Agnostic System Identification for Model-Based Reinforcement Learning
Stephane Ross, J. Andrew Bagnell
TL;DR
This work tackles agnostic model-based reinforcement learning by reducing it to a no-regret online learning problem through an iterative data-collection scheme (DAgger-style) that uses a balanced exploration distribution. It provides theoretical bounds linking policy performance to training losses and distribution mismatch, showing that no-regret online learners can achieve near-optimal control as data grows.
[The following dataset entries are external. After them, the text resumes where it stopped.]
Lemma is_lim_seq_le_inv_INR (u : nat -> R) :
  (forall n, (1 <= n)%nat -> Rabs (u n) <= / INR n) -> is_lim_seq u 0.
Proof.
  intro Hu.
  apply is_lim_seq_le_le_loc with (u := fun n => - / INR n) (w := fun n => / INR n).
  - exists 1%nat. intros n Hn. now apply Rabs_le_between, Hu.
  - replace (Finite 0) with (Rbar_opp (Rbar_inv p_infty)) by (simpl; f_equal; ring).
    apply -> is_lim_seq_opp.
    apply is_lim_seq_inv; [apply is_lim_seq_INR | discriminate].
  - replace (Finite 0) with (Rbar_inv p_infty) by reflexivity.
    apply is_lim_seq_inv; [apply is_lim_seq_INR | discriminate].
Qed.

Lemma inv_sq_mul_succ_sq_le (n : R) : 1 <= n ->
  1 / (n ^ 2 * (n + 1) ^ 2) <= 1 / (3 * n ^ 3) - 1 / (3 * (n + 1) ^ 3).
Proof.
  intro Hn.
  assert (Hgap : 1 / (3 * n ^ 3) - 1 / (3 * (n + 1) ^ 3) - 1 / (n ^ 2 * (n + 1) ^ 2)
                 = 1 / (3 * n ^ 3 * (n + 1) ^ 3)) by (field; lra).
  assert (0 < 1 / (3 * n ^ 3 * (n + 1) ^ 3)).
  { apply Rdiv_lt_0_compat; [lra|].
    apply Rmult_lt_0_compat; [apply Rmult_lt_0_compat; [lra|] |]; apply pow_lt; lra. }
  lra.
Qed.

Lemma inv_sq_mul_succ_sq_ge (n : R) : 1 <= n ->
  1 / (3 * n ^ 3) - 1 / n ^ 5 - (1 / (3 * (n + 1) ^ 3) - 1 / (n + 1) ^ 5)
    <= 1 / (n ^ 2 * (n + 1) ^ 2).
Proof.
  intro Hn.
  assert (Hgap : 1 / (n ^ 2 * (n + 1) ^ 2)
                 - (1 / (3 * n ^ 3) - 1 / n ^ 5 - (1 / (3 * (n + 1) ^ 3) - 1 / (n + 1) ^ 5))
                 = (3 * ((n + 1) ^ 5 - n ^ 5) - n ^ 2 * (n + 1) ^ 2)
                   / (3 * n ^ 5 * (n + 1) ^ 5)) by (field; lra).
  assert (0 <= (3 * ((n + 1) ^ 5 - n ^ 5) - n ^ 2 * (n + 1) ^ 2)
               / (3 * n ^ 5 * (n + 1) ^ 5)).
  { apply Rdiv_le_0_compat; [nra|].
    apply Rmult_lt_0_compat; [apply Rmult_lt_0_compat; [lra|] |]; apply pow_lt; lra. }
  lra.
Qed.

Lemma is_lim_seq_inv_cube : is_lim_seq (fun n => 1 / (3 * INR n ^ 3)) 0.
Proof.
  apply is_lim_seq_le_inv_INR. intros n Hn.
  apply le_INR in Hn. simpl in Hn.
  assert (INR n <= 3 * INR n ^ 3) by nra.
  rewrite Rabs_pos_eq.
  - unfold Rdiv. rewrite Rmult_1_l. apply Rinv_le_contravar; lra.
  - apply Rdiv_le_0_compat; [lra|]. apply Rmult_lt_0_compat; [lra | apply pow_lt; lra].
Qed.

Lemma is_lim_seq_inv_fifth : is_lim_seq (fun n => 1 / INR n ^ 5) 0.
Proof.
  apply is_lim_seq_le_inv_INR. intros n Hn.
  apply le_INR in Hn. simpl in Hn.
  assert (INR n <= INR n ^ 5).
  { replace (INR n ^ 5) with (INR n * (INR n ^ 2) ^ 2) by ring.
    assert (1 <= (INR n ^ 2) ^ 2) by (apply pow_R1_Rle; nra). nra. }
  rewrite Rabs_pos_eq.
  - unfold Rdiv. rewrite Rmult_1_l. apply Rinv_le_contravar; lra.
  - apply Rdiv_le_0_compat; [lra | apply pow_lt; lra].
Qed.

Lemma floorR_bounds (t : R) : IZR (floorR t) <= t < IZR (floorR t) + 1.
Proof. pose proof (base_Int_part t). unfold floorR. lra. Qed.

Lemma floorR_ge_1 (t : R) : 1 <= t -> 1 <= IZR (floorR t).
Proof.
  intro Ht. pose proof (floorR_bounds t) as [_ Hlt].
  apply IZR_le. assert (0 < floorR t)%Z by (apply lt_IZR; lra). lia.
Qed.

Lemma F_term_of_floor (t : R) (n : nat) : 1 <= t ->
  F_term t n = if Nat.leb (Z.to_nat (floorR t)) n then 1 / (INR n ^ 2 * (INR n + 1) ^ 2) else 0.
Proof.
  intro Ht. pose proof (floorR_bounds t) as Hfl. pose proof (floorR_ge_1 t Ht) as Hq.
  assert (HQ : INR (Z.to_nat (floorR t)) = IZR (floorR t)).
  { rewrite INR_IZR_INZ, Z2Nat.id; [reflexivity|]. apply le_IZR. simpl. lra. }
  unfold F_term. destruct (Nat.leb (Z.to_nat (floorR t)) n) eqn:E.
  - apply Nat.leb_le, le_INR in E.
    destruct (Rlt_dec (t - 1) (INR n)) as [_|Hn]; [|exfalso; lra].
    destruct (Nat.eqb n 0) eqn:E0; [|reflexivity].
    apply Nat.eqb_eq in E0. subst n. simpl in E. lra.
  - apply Nat.leb_gt in E.
    assert (INR n + 1 <= INR (Z.to_nat (floorR t))) by (rewrite <- S_INR; apply le_INR; lia).
    destruct (Rlt_dec (t - 1) (INR n)); [exfalso; lra | reflexivity].
Qed.

Lemma F_bounds (t : R) : 1 <= t ->
  let q := IZR (floorR t) in
  1 / (3 * q ^ 3) - 1 / q ^ 5 <= F t <= 1 / (3 * q ^ 3).
Proof.
  intros Ht q.
  set (Q := Z.to_nat (floorR t)).
  assert (HQ : INR Q = q).
  { unfold Q, q. rewrite INR_IZR_INZ, Z2Nat.id; [reflexivity|].
    apply le_IZR. pose proof (floorR_ge_1 t Ht). simpl. lra. }
  set (upper := fun m : R => 1 / (3 * m ^ 3)).
  set (lower := fun m : R => 1 / (3 * m ^ 3) - 1 / m ^ 5).
  pose proof (is_series_tail_telescoping upper Q is_lim_seq_inv_cube) as Hup.
  assert (Hlow : is_series (tail_difference lower Q) (lower (INR Q))).
  { apply is_series_tail_telescoping.
    pose proof (is_lim_seq_minus' _ _ _ _ is_lim_seq_inv_cube is_lim_seq_inv_fifth) as H.
    now rewrite Rminus_0_r in H. }
  assert (Hterm : forall n, 0 <= F_term t n /\
    tail_difference lower Q n <= F_term t n <= tail_difference upper Q n).
  { intro n. unfold tail_difference. rewrite F_term_of_floor by exact Ht. fold Q.
    destruct (Nat.leb Q n) eqn:E; [|lra].
    apply Nat.leb_le, le_INR in E. rewrite HQ in E.
    pose proof (floorR_ge_1 t Ht) as Hq1. fold q in Hq1.
    repeat split.
    - apply Rdiv_le_0_compat; [lra|]. apply Rmult_lt_0_compat; apply pow_lt; lra.
    - apply inv_sq_mul_succ_sq_ge; lra.
    - apply inv_sq_mul_succ_sq_le; lra. }
  assert (Hex : ex_series (F_term t)).
  { apply (@ex_series_le R_AbsRing R_CompleteNormedModule _ (tail_difference upper Q)).
    - intro n. change (norm (F_term t n)) with (Rabs (F_term t n)).
      rewrite Rabs_pos_eq; apply Hterm.
    - eexists. exact Hup. }
  rewrite HQ in Hup, Hlow.
  split.
  - exact (is_series_le _ _ _ _ Hlow (Series_correct _ Hex) (fun n => proj1 (proj2 (Hterm n)))).
  - exact (is_series_le _ _ _ _ (Series_correct _ Hex) Hup (fun n => proj2 (proj2 (Hterm n)))).
Qed.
The approach yields bounds that scale with model class complexity rather than MDP size and demonstrates practical efficacy on a simulated helicopter task, outperforming batch methods and mitigating train-test mismatch. The result is a simple, scalable, and principled MBRL algorithm with strong agnostic guarantees and broad applicability.
Abstract
A fundamental problem in control is to learn a model of a system from observations that is useful for controller synthesis. To provide good performance guarantees, existing methods must assume that the real system is in the class of models considered during learning. We present an iterative method with strong guarantees even in the agnostic case where the system is not in the class. In particular, we show that any no-regret online learning algorithm can be used to obtain a near-optimal policy, provided some model achieves low training error and access to a good exploration distribution. Our approach applies to both discrete and continuous domains. We demonstrate its efficacy and scalability on a challenging helicopter domain from the literature.